Monday, April 4, 2011

The Joy of Service

It was interesting to me how many talks in General Conference this year covered service, since I have been focusing on that for awhile now. I realized that a lot of things I do as just part of life, others could think of as service. I think that might be the point.

To reference my previous post, I don't think the best way to give advice to someone who is hurting and lonely is to say "forget yourself and serve." At least, not unless you already have a deep history of love and respect between you and the person you are giving advice to. A much better way would be to help them discover how to serve. Because it is a skill, and a very difficult one to master.

For example, say something like, "this might be a strange question, but can you think of anyone you know who needs help?" And if the answer is no, just say something like, "tell you what, you find someone who needs help, and I'll work on your problem." Of course, it sounds a little cheesy here, without context, but I have had this approach come to mind when discussing with the Lord ways that I might serve and/or address issues in my life. In many ways, it is the same thing, but it expresses a great deal more caring and thought for the person who is hurting.

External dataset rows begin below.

Lemma cvg_nneseries_rem : (sum_f - \sum_(0 <= a < K | a \in A) f a)%R @[K --> \oo] --> 0%R.
Proof.
rewrite -[X in _ --> X](subrr sum_f).
by apply: cvgB; [exact: cvg_cst | exact: cvg_partial_nneseries].
Qed.

Lemma partial_tail_le K N :
  (\sum_(K <= a < N | a \in A) f a <= sum_f - \sum_(0 <= a < K | a \in A) f a)%R.
Proof.
have partial_le M : (\sum_(0 <= a < M | a \in A) f a <= sum_f)%R.
  by rewrite -lee_fin -nneseries_finE partial_le_nneseries.
case: (leqP K N) => [le_KN | lt_NK].
  by have := partial_le N; rewrite (big_cat_nat _ (n := K)) //=; lra.
by rewrite big_geq ?subr_ge0 ?partial_le // ltnW.
Qed.

End Limits.

Local Open Scope ring_scope.
Local Open Scope ereal_scope.

Theorem lemma6p1 (R : realType) (A : set nat)
  (HA : forall a, A a -> (1 < a)%N) (Hprim : Lprimitive A) :
  (\sum_(a <oo | a \in A) (dL R a)%:E
     <= limn_einf (fun N => (count_ratio R (LA A) N)%:E))
  /\
  (\sum_(a <oo | a \in A) ((a%:R)^-1 : R)%:E < +oo ->
     (fun N => (count_ratio R (LA A) N)%:E) @ \oo
       --> \sum_(a <oo | a \in A) (dL R a)%:E).
Proof.
have inv_ge0 (a : nat) : (0 <= (a%:R : R)^-1)%R by rewrite invr_ge0.
pose err K := (\sum_(0 <= a < K | a \in A) (totient (primorial (P a)))%:R : R)%R.
split.
  apply: nneseries_le_partial => [a | K]; first exact: dL_ge0.
  by apply: (le_limn_einf (E := err K)) => N; exact: count_ratio_LA_ge.
move=> inv_summable.
have dL_summable : \sum_(a <oo | a \in A) (dL R a)%:E < +oo.
  apply: le_lt_trans inv_summable.
  by apply: lee_nneseries => a *; rewrite lee_fin ?dL_ge0 ?dL_le_inv.
rewrite (nneseries_finE (@dL_ge0 R) dL_summable); apply: cvg_EFin; first exact: nearW.
apply: (cvg_of_approximations (E := err) (cvg_partial_nneseries (@dL_ge0 R) dL_summable)
          (cvg_nneseries_rem inv_ge0 inv_summable)) => K N N_gt0.
rewrite count_ratio_LA_ge //=.
apply: le_trans (count_ratio_LA_le R K HA N_gt0) _.
by rewrite lerD2r lerD2l partial_tail_le.
Qed.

And, rather than telling a person what to do, it encourages them to change their way of thinking and looking at the world.

To me, that is the key to service. Not just to consciously (and, as I pointed out last time, awkwardly) serve, but to become a person who serves without realizing it. That is when the joy comes and the charity can grow.


  1. Awesome.

    And this sentence is key:

    "And, rather than telling a person what to do, it encourages them to change their way of thinking and looking at the world."

    Anyone who's in a position to "counsel" (church leaders, parents, friends, etc) would do well to learn that principle.

  2. Well said. It's tempting to look for a 'silver bullet' response to problems so I don't have to think about them. But to really help someone that's hurting I've got to invest in them. At least enough to think about their specific circumstances and adjust any aid or counsel accordingly.

  3. Becoming someone who serves really is the power and beauty of service for the person providing the service, since it has the potential to engender that same metamorphosis in others - and the circle widens as that process unfolds.